How accurate is your information?
Brian Southwell, research professor of mass communication at UNC Chapel Hill, explores the spread of information, and often, just how wrong it can be.
Dr. Brian Southwell is Director of the Science in the Public Sphere Program in the Center for Communication Science at RTI International. Southwell also is a Research Professor (of Mass Communication) and Adjunct Associate Professor (of Health Behavior) at the University of North Carolina at Chapel Hill. In addition, he is an Adjunct Professor with Duke University’s Energy Initiative, a university-wide effort to promote innovation in energy research. Dr. Southwell’s award-winning contributions appear in more than 70 journal articles and chapters and have been recognized with major awards by the International Communication Association and National Communication Association.

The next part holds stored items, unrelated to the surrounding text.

(* Let $V$ be a finite dimensional real or complex vector space with $\dim V=n$, let $B:V\to V$ be an invertible linear map, let $v_1,\dots,v_k\in V$ and $p_1,\dots,p_k\in V^*$, and let $$B'=B+\sum_{i=1}^{k}v_i\otimes p_i .$$ Put $u_i=B^{-1}v_i$ for $i=1,\dots,k$ and $A=\mathrm{id}_V+\sum_{i=1}^{k}u_i\otimes p_i$. If $\det A\neq 0$, then $B'$ is invertible and $$(B')^{-1}=\frac{1}{\det A}B^{-1}+\frac{1}{\det A}\left(\sum_{i=1}^{\min(n-1,k)}\ \sum_{1\le j_1<\dots<j_i\le k}(u_{j_1},p_{j_1})\,\square\,\cdots\,\square\,(u_{j_i},p_{j_i})\right)B^{-1}.$$
   Context: For $v\in V$ and $p\in V^*$, $v\otimes p$ denotes the linear map $V\to V$, $x\mapsto p(x)\,v$. For covectors $q_1,\dots,q_m\in V^*$ and vectors $w_1,\dots,w_m\in V$, $(q_1\wedge\dots\wedge q_m)(w_1,\dots,w_m)=\det\bigl[q_a(w_b)\bigr]_{a,b=1}^{m}$. For $\dim V=n\ge 2$, $1\le i\le n-1$, vectors $z_1,\dots,z_i\in V$ and covectors $p_1,\dots,p_i\in V^*$, the operator $(z_1,p_1)\,\square\,\cdots\,\square\,(z_i,p_i):V\to V$ is the unique linear map $T$ such that $q(Tv)=(q\wedge p_1\wedge\dots\wedge p_i)(v,z_1,\dots,z_i)$ for all $v\in V$, $q\in V^*$. Empty sums are zero. *)

From HB Require Import structures.
From mathcomp Require Import all_boot all_order all_algebra.
From mathcomp Require Import reals complex.
Set Implicit Arguments. Unset Strict Implicit. Unset Printing Implicit Defensive.
Import GRing.Theory.
Local Open Scope ring_scope.

(* V = 'cV[F]_n (column vectors), V^* = 'rV[F]_n (row vectors, acting by *m),
   linear maps V -> V = 'M[F]_n acting by left multiplication.
   v (x) p : x |-> p(x) v  is the matrix  v *m p. *)
Definition tens (F : fieldType) (n : nat) (v : 'cV[F]_n) (p : 'rV[F]_n) : 'M[F]_n :=
  v *m p.

(* (q_1 /\ ... /\ q_m)(w_1,...,w_m) = det [q_a(w_b)]_{a,b}, with the families
   given as sequences of length m. *)
Definition wedge_eval (F : fieldType) (n m : nat)
    (qs : seq 'rV[F]_n) (ws : seq 'cV[F]_n) : F :=
  \det (\matrix_(a < m, b < m) (nth 0 qs a *m nth 0 ws b) 0 0).

(* (z_1,p_1) [] ... [] (z_i,p_i), for s = [:: (z_1,p_1); ...; (z_i,p_i)]:
   the unique linear T with q(Tv) = (q /\ p_1 /\ ... /\ p_i)(v, z_1, ..., z_i).
   Its matrix entry (r,c) is e_r^*(T e_c). *)
Definition box (F : fieldType) (n : nat) (s : seq ('cV[F]_n * 'rV[F]_n)) : 'M[F]_n :=
  \matrix_(r < n, c < n)
    wedge_eval (size s).+1 (delta_mx 0 r :: map snd s) (delta_mx c 0 :: map fst s).

Definition SM_formula (F : fieldType) : Prop :=
  forall (n k : nat) (B : 'M[F]_n) (v : 'I_k -> 'cV[F]_n) (p : 'I_k -> 'rV[F]_n),
  B \in unitmx ->
  let B' := B + \sum_(i < k) tens (v i) (p i) in
  let u := fun i => invmx B *m v i in
  let A := 1%:M + \sum_(i < k) tens (u i) (p i) in
  \det A != 0 ->
  B' \in unitmx /\
  invmx B' = (\det A)^-1 *: invmx B
    + (\det A)^-1 *:
      ((\sum_(1 <= i < (minn (n - 1) k).+1)
          \sum_(S : {set 'I_k} | #|S| == i)
            box [seq (u j, p j) | j <- enum S]) *m invmx B).

Set Warnings "-notation-overridden -ambiguous-paths".
From mathcomp Require Import all_boot all_order all_algebra.
From mathcomp Require Import reals complex.
Set Implicit Arguments. Unset Strict Implicit. Unset Printing Implicit Defensive.
Import GRing.Theory.
Local Open Scope ring_scope.

(* Write U = [u_1 ... u_k], P = [p_1; ...; p_k] and D = 1 + P U,
   so that A = 1 + U P and B' = B A.  The (r,c) entry of the identity plus the
   sum of boxes is the sum, over all S in {1..k}, of the principal minors through
   the first row and column of the bordered Gram matrix
       G(r,c) = [ e_r^*(e_c)   e_r^*(u_j) ]
                [ p_i(e_c)     p_i(u_j)   ],
   i.e. (by multilinearity along the diagonal) det (G(r,c) + diag(0,1,...,1));
   boxes with |S| >= n vanish as Gram determinants of more than n covectors.
   A Schur complement with respect to D evaluates that determinant as
   det D * (1 - U D^-1 P)_rc.  Finally det D = det A (Sylvester) and
   1 - U D^-1 P = A^-1 (Woodbury). *)

Lemma det_add_delta (F : fieldType) m (A : 'M[F]_m) i :
  \det (A + delta_mx i i) = \det A + cofactor A i i.
Proof.
have cofE j : cofactor (A + delta_mx i i) i j = cofactor A i j.
  rewrite /cofactor; congr (_ * \det _); apply/matrixP => a b.
  by rewrite !mxE eq_sym (negPf (neq_lift i a)) addr0.
rewrite !(expand_det_row _ i); under eq_bigr do rewrite cofE !mxE mulrDl.
rewrite big_split /= -expand_det_row (bigD1 i) //= big1 ?addr0 => [|j /negPf nji].
  by rewrite !eqxx mul1r.
by rewrite nji andbF mul0r.
Qed.

Lemma copid_mxE (R : pzRingType) m r (i j : 'I_m) :
  copid_mx r i j = ((i == j) && (r <= i)%N)%:R :> R.
Proof.
rewrite !mxE (inj_eq val_inj) ltnNge.
by case: (i == j) (r <= i)%N => [] []; rewrite /= ?subr0 ?subrr.
Qed.

Lemma nth_cat_bump (T : Type) (x0 : T) (xs ys : seq T) y i :
  nth x0 (xs ++ y :: ys) (bump (size xs) i) = nth x0 (xs ++ ys) i.
Proof.
rewrite !nth_cat /bump; case: (leqP (size xs) i) => h.
  by rewrite add1n ltnNge (leq_trans h (leqnSn i)) /= subSn.
by rewrite add0n h.
Qed.

Lemma big_subset_setU1 (T : finType) (V : nmodType) (x : T) (A : {set T})
    (G : {set T} -> V) : x \notin A ->
  \sum_(S : {set T} | S \subset x |: A) G S =
  \sum_(S : {set T} | S \subset A) G S + \sum_(S : {set T} | S \subset A) G (x |: S).
Proof.
move=> xA; rewrite (bigID (fun S : {set T} => x \in S)) /= addrC; congr (_ + _).
  by apply: eq_bigl => S; rewrite -subsetD1 setU1K.
rewrite (reindex_onto (fun S => x |: S) (fun S => S :\ x)) /=; last first.
  by move=> S /andP[_ xS]; rewrite setD1K.
apply: eq_bigl => S; rewrite setU11 andbT.
apply/andP/idP => [[sxSxA /eqP <-] | sSA].
  by rewrite -(setU1K xA) setSD.
have xS : x \notin S by apply: contra xA => /(subsetP sSA).
by rewrite setUS // setU1K.
Qed.

Lemma det_block_mx_schur (F : fieldType) m1 m2 (A : 'M[F]_m1) (B : 'M_(m1, m2))
    (C : 'M_(m2, m1)) (D : 'M_m2) :
  D \in unitmx -> \det (block_mx A B C D) = \det (A - B *m invmx D *m C) * \det D.
Proof.
move=> uD; have -> : block_mx A B C D =
    block_mx (A - B *m invmx D *m C) (B *m invmx D) 0 1%:M *m block_mx 1%:M 0 C D.
  rewrite mulmx_block mulmx1 mulmx0 !mul0mx !mul1mx !add0r subrK.
  by rewrite -mulmxA mulVmx ?mulmx1.
by rewrite det_mulmx det_ublock det_lblock !det1 mulr1 mul1r.
Qed.

Lemma det_sylvester (F : comPzRingType) m k (U : 'M[F]_(m, k)) (P : 'M[F]_(k, m)) :
  \det (1%:M + P *m U) = \det (1%:M + U *m P).
Proof.
have e1 : block_mx (1%:M : 'M_m) (- U) P (1%:M : 'M_k) =
   block_mx 1%:M 0 P 1%:M *m block_mx 1%:M (- U) 0 (1%:M + P *m U).
  rewrite mulmx_block ?mul1mx ?mulmx1 ?mul0mx ?mulmx0 ?addr0 ?add0r.
  by rewrite mulmxN addrCA addNr addr0.
have e2 : block_mx (1%:M : 'M_m) (- U) P (1%:M : 'M_k) =
   block_mx (1%:M + U *m P) (- U) 0 1%:M *m block_mx 1%:M 0 P 1%:M.
  rewrite mulmx_block ?mul1mx ?mulmx1 ?mul0mx ?mulmx0 ?addr0 ?add0r mulNmx.
  by rewrite addrK.
have := congr1 determinant (etrans (esym e1) e2).
by rewrite !det_mulmx !det_ublock !det_lblock !det1 !mul1r !mulr1.
Qed.

Lemma mulmx_woodbury (F : fieldType) m k (U : 'M[F]_(m, k)) (P : 'M[F]_(k, m)) :
  1%:M + P *m U \in unitmx ->
  (1%:M + U *m P) *m (1%:M - U *m invmx (1%:M + P *m U) *m P) = 1%:M.
Proof.
move=> uD; have pushU : (1%:M + U *m P) *m U = U *m (1%:M + P *m U).
  by rewrite mulmxDl mulmxDr mul1mx mulmx1 mulmxA.
rewrite mulmxBr mulmx1 !mulmxA pushU -(mulmxA U) mulmxV // mulmx1.
by rewrite addrK.
Qed.

Lemma sum_set_by_card (T : finType) (V : nmodType) N (G : {set T} -> V) :
  (forall S : {set T}, (N < #|S|)%N -> G S = 0) ->
  \sum_(S : {set T}) G S =
  \sum_(0 <= i < (minn N #|T|).+1) \sum_(S : {set T} | #|S| == i) G S.
Proof.
move=> G0; have card_lt (S : {set T}) : (#|S| < #|T|.+1)%N by rewrite ltnS max_card.
rewrite (partition_big (fun S => Ordinal (card_lt S)) xpredT) //=.
rewrite -(big_mkord xpredT (fun i => \sum_(S : {set T} | #|S| == i) G S)).
rewrite (big_cat_nat _ (n := (minn N #|T|).+1)) //=; last by rewrite ltnS geq_minr.
rewrite [X in _ + X]big_nat_cond [X in _ + X]big1 ?addr0 //.
move=> i /andP[/andP[gt_min_i lt_i_T1] _]; apply: big1 => S /eqP cardS.
apply: G0; rewrite cardS.
suff /negPf lt_T_iF : ~~ (#|T| < i)%N by rewrite gtn_min lt_T_iF orbF in gt_min_i.
by rewrite -leqNgt -ltnS.
Qed.

Section GramDeterminants.
Variables (F : fieldType) (n : nat).
Implicit Types (qs : seq 'rV[F]_n) (ws : seq 'cV[F]_n).

Definition gram m qs ws : 'M[F]_m := \matrix_(a, b) (qs`_a *m ws`_b) 0 0.

Lemma wedge_eval_eq0 m qs ws : (n < m)%N -> wedge_eval m qs ws = 0.
Proof.
move=> lt_nm; apply/eqP/negPn/negP => nz_det.
pose Q : 'M[F]_(m, n) := \matrix_(a, t) qs`_a 0 t.
pose W : 'M[F]_(n, m) := \matrix_(t, b) ws`_b t 0.
have QW : gram m qs ws = Q *m W.
  by apply/matrixP => a b; rewrite !mxE; apply: eq_bigr => t _; rewrite !mxE.
have /eqP rk_QW : row_free (Q *m W) by rewrite row_free_unit unitmxE unitfE -QW.
have := leq_trans (mxrankM_maxl Q W) (rank_leq_col Q).
by rewrite rk_QW leqNgt lt_nm.
Qed.

Lemma det_gram_copid_cons xs ys q w qs' ws' N :
  size xs = size ys ->
  \det (gram (size xs + N).+1 (xs ++ q :: qs') (ys ++ w :: ws') + copid_mx (size xs))
  = \det (gram (size xs + N) (xs ++ qs') (ys ++ ws') + copid_mx (size xs))
  + \det (gram (size xs + N).+1 (xs ++ q :: qs') (ys ++ w :: ws')
          + copid_mx (size xs).+1).
Proof.
move=> eq_size; set M := gram _ _ _ + copid_mx (size xs).+1.
have ltm : (size xs < (size xs + N).+1)%N by rewrite ltnS leq_addr.
pose i0 := Ordinal ltm.
have -> : gram (size xs + N).+1 (xs ++ q :: qs') (ys ++ w :: ws') + copid_mx (size xs)
          = M + delta_mx i0 i0.
  apply/matrixP => a b; rewrite !(copid_mxE, mxE) -addrA; congr (_ + _).
  case: (eqVneq a b) => [<-|neq_ab].
    rewrite !andbb -(inj_eq val_inj) /= [(_ <= _)%N]leq_eqVlt eq_sym.
    by case: ltngtP; rewrite ?addr0 ?add0r.
  rewrite /= add0r; case: eqP => [ai0|]; case: eqP => [bi0|] //.
  by rewrite ai0 bi0 eqxx in neq_ab.
rewrite det_add_delta addrC /cofactor addnn -signr_odd odd_double mul1r.
congr (\det _ + _); apply/matrixP => a b; rewrite !(copid_mxE, mxE) /=.
rewrite nth_cat_bump [X in (ys ++ _)`_(bump X _)]eq_size nth_cat_bump.
rewrite (inj_eq (lift_inj (h:=i0))).
by rewrite leq_bump /unbump ltnSn subn1.
Qed.

Lemma det_gram_copid_subsets (T : finType) (q : T -> 'rV[F]_n) (w : T -> 'cV[F]_n)
    (r : seq T) xs ys :
  uniq r -> size xs = size ys ->
  \det (gram (size xs + size r) (xs ++ map q r) (ys ++ map w r) + copid_mx (size xs))
  = \sum_(S : {set T} | S \subset [set x in r])
      let s := [seq x <- r | x \in S] in
      wedge_eval (size xs + size s) (xs ++ map q s) (ys ++ map w s).
Proof.
elim: r xs ys => [|x r IHr] xs ys /=.
  move=> _ _; rewrite (eq_bigl (pred1 set0)) => [|S]; last first.
    by rewrite subset0; apply/eqP/eqP => ->; apply/setP => x; rewrite inE.
  rewrite big_pred1_eq /= !cats0 addn0; congr (\det _); apply/matrixP => a b.
  by rewrite !(copid_mxE, mxE) leqNgt ltn_ord andbF addr0.
case/andP => xr ur eq_size; rewrite addnS det_gram_copid_cons //.
have -> : [set y in x :: r] = x |: [set y in r].
  by apply/setP => y; rewrite !inE.
rewrite big_subset_setU1 ?inE //; congr (_ + _).
  rewrite IHr //; apply: eq_bigr => S sSr.
  have xS : x \notin S by apply: contra xr => /(subsetP sSr); rewrite inE.
  by rewrite (negPf xS).
rewrite -addSn -(size_rcons xs (q x)) -!cat_rcons IHr //; last first.
  by rewrite !size_rcons eq_size.
apply: eq_bigr => S _; rewrite setU11 /= -!cat_rcons size_rcons addSnnS.
suff -> : [seq y <- r | y \in x |: S] = [seq y <- r | y \in S] by [].
apply: eq_in_filter => y yr; rewrite in_setU1.
by case: eqP => // yx; rewrite -yx yr in xr.
Qed.

End GramDeterminants.

Lemma box_nil (F : fieldType) n : box ([::] : seq ('cV[F]_n * 'rV[F]_n)) = 1%:M.
Proof.
apply/matrixP => r c; rewrite !mxE /wedge_eval /= det_mx11 mxE /= mul_delta_mx_cond.
by case: eqP => _; rewrite ?mulr0n ?mulr1n ?mxE // !eqxx.
Qed.

Lemma box_eq0 (F : fieldType) n (s : seq ('cV[F]_n * 'rV[F]_n)) :
  (n <= size s)%N -> box s = 0.
Proof. by move=> le_ns; apply/matrixP => r c; rewrite !mxE wedge_eval_eq0. Qed.

Section Boxes.
Variables (F : fieldType) (n k : nat) (u : 'I_k -> 'cV[F]_n) (p : 'I_k -> 'rV[F]_n).

Definition mx_of_cols : 'M[F]_(n, k) := \matrix_(r, j) u j r 0.
Definition mx_of_rows : 'M[F]_(k, n) := \matrix_(i, c) p i 0 c.
Local Notation U := mx_of_cols.
Local Notation P := mx_of_rows.

Lemma sum_tens : \sum_(i < k) tens (u i) (p i) = U *m P.
Proof.
apply/matrixP => r c; rewrite summxE !mxE; apply: eq_bigr => i _.
by rewrite /tens !mxE big_ord1.
Qed.

Lemma bordered_gramE (r c : 'I_n) :
  gram (1 + k) (delta_mx 0 r :: map p (enum 'I_k)) (delta_mx c 0 :: map u (enum 'I_k))
    + copid_mx 1
  = block_mx (1%:M r c)%:M (row r U) (col c P) (1%:M + P *m U).
Proof.
have nthE (T : Type) x0 (f : 'I_k -> T) (l : 'I_k) : nth x0 (map f (enum 'I_k)) l = f l.
  by rewrite (nth_map l) ?size_enum_ord // nth_ord_enum.
apply/matrixP => i j; rewrite mxE [gram _ _ _ _ _]mxE copid_mxE.
case: (split_ordP i) => [i0 -> | i1 ->]; case: (split_ordP j) => [j0 -> | j1 ->].
- rewrite block_mxEul !ord1 /= addr0 mul_delta_mx_cond !mxE !eqxx mulr1n.
  by case: eqP; rewrite ?mulr1n ?mulr0n ?mxE.
- by rewrite block_mxEur !ord1 /= add0n nthE addr0 -rowE !mxE.
- by rewrite block_mxEdl !ord1 /= add0n nthE addr0 -colE !mxE.
rewrite block_mxEdr /= !add0n !nthE (inj_eq (@rshift_inj _ _)) addn_gt0 andbT !mxE.
by rewrite addrC; congr (_ + _); apply: eq_bigr => t _; rewrite !mxE.
Qed.

Lemma sum_box_schur : 1%:M + P *m U \in unitmx ->
  \sum_(S : {set 'I_k}) box [seq (u j, p j) | j <- enum S]
  = \det (1%:M + P *m U) *: (1%:M - U *m invmx (1%:M + P *m U) *m P).
Proof.
move=> uD; apply/matrixP => r c; rewrite summxE !mxE.
have := det_gram_copid_subsets p u (xs := [:: delta_mx 0 r]) (ys := [:: delta_mx c 0])
  (enum_uniq 'I_k) erefl.
rewrite /= size_enum_ord bordered_gramE det_block_mx_schur // => expansion.
transitivity (\det ((1%:M r c)%:M - row r U *m invmx (1%:M + P *m U) *m col c P)
              * \det (1%:M + P *m U)); last first.
  rewrite det_mx11 mulrC !mxE -row_mul; congr (_ * (_ - _)).
  by apply: eq_bigr => j _; rewrite !mxE.
rewrite expansion [RHS](eq_bigl xpredT) => [|S]; last first.
  by apply/subsetP => j; rewrite inE mem_enum.
apply: eq_bigr => S _; rewrite mxE /= size_map -!map_comp.
suff -> : enum S = [seq x <- enum 'I_k | x \in S] by [].
by rewrite enumT.
Qed.

End Boxes.

Lemma sum_box_by_card (F : fieldType) n k (u : 'I_k -> 'cV[F]_n) (p : 'I_k -> 'rV[F]_n) :
  \sum_(S : {set 'I_k}) box [seq (u j, p j) | j <- enum S]
  = 1%:M + \sum_(1 <= i < (minn (n - 1) k).+1)
             \sum_(S : {set 'I_k} | #|S| == i) box [seq (u j, p j) | j <- enum S].
Proof.
rewrite (sum_set_by_card (N := (n - 1)%N)) => [|S lt_S]; last first.
  by apply: box_eq0; rewrite size_map -cardE (leq_trans (leqSpred n)) // -subn1.
rewrite card_ord big_ltn // (eq_bigl (pred1 set0)) => [|S]; last by rewrite /= cards_eq0.
by rewrite big_pred1_eq enum_set0 box_nil.
Qed.

Lemma SM_formula_field (F : fieldType) : SM_formula F.
Proof.
move=> n k B v p uB B' u A detA_neq0.
set U := mx_of_cols u; set P := mx_of_rows p.
have A_UP : A = 1%:M + U *m P by rewrite /A sum_tens.
have detD : \det (1%:M + P *m U) = \det A by rewrite A_UP det_sylvester.
have uD : 1%:M + P *m U \in unitmx by rewrite unitmxE unitfE detD.
have B'_BA : B' = B *m A.
  rewrite /B' /A mulmxDr mulmx1 mulmx_sumr; congr (_ + _); apply: eq_bigr => i _.
  by rewrite /tens /u !mulmxA mulmxV // mul1mx.
pose Ainv := 1%:M - U *m invmx (1%:M + P *m U) *m P.
have A_Ainv : A *m Ainv = 1%:M by rewrite A_UP mulmx_woodbury.
have B'_inv : B' *m (Ainv *m invmx B) = 1%:M.
  by rewrite B'_BA -mulmxA (mulmxA A) A_Ainv mul1mx mulmxV.
have [uB' _] := mulmx1_unit B'_inv; split=> //.
have -> : invmx B' = Ainv *m invmx B.
  by rewrite -[RHS]mul1mx -(mulVmx uB') -mulmxA B'_inv mulmx1.
rewrite -scalerDr -[Y in _ *: (Y + _)]mul1mx -mulmxDl -sum_box_by_card.
rewrite sum_box_schur // detD.
by rewrite -scalemxAl scalerA mulVf // scale1r.
Qed.

Theorem mainTheorem2 (R : realType) : SM_formula R /\ SM_formula (complex R).
Proof. by split; apply: SM_formula_field. Qed.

In 2013, Johns Hopkins University Press released his Social Networks and Popular Understanding of Science and Health, which has been a widely-reviewed book, e.g., in Science. He recently co-edited an August 2015 special issue of the Journal of Communication on misinformation. Southwell is host of a public radio show on social science called The Measure of Everyday Life, which is produced by WNCU (90.7 FM) in North Carolina and which the Independent Weekly calls “unexpected” and “diverse” as it “brings big questions to radio.” Follow @MeasureRadio on Twitter or subscribe to the podcast feed on iTunes for details.
Misinformation
At given moment, radios, televisions, and computer screens offer information to millions of people in this country. The problem is that not all of it is correct. In fact, some people worry that there is quite a bit of misinformation in advertising and even news reports.
Social scientists should consider this situation a prime opportunity for research that matters. Here’s why:
If misinformation were simply a byproduct of human imperfection and weakness then it could join a long list of vices but may not be a particularly compelling focus for scientific inquiry. However, at the least three aspects of misinformation as a mass communication phenomenon make the notion both problematic and theoretically compelling for social scientists.
First, the human brain is arguably biased toward acceptance and retention of misinformation once it has been exposed to such information.
Second, the regulatory structure of major democracies, such as the United States, tend toward post-hoc detection of broadcast misinformation rather than toward prevention (and authoritarian regimes typically do not offer any greater hope in this regard given vested interest in information control rather than truth, per se).
Third, it can be a difficult and expensive task to ensure that corrections of misinformation reach as widely as the original misinformation.
For all of these reasons, we probably need to worry more about misinformation that we often do. A simple “we are sorry for lying” typically won’t be sufficient and explicit efforts to correct misperceptions warrant investment and attention.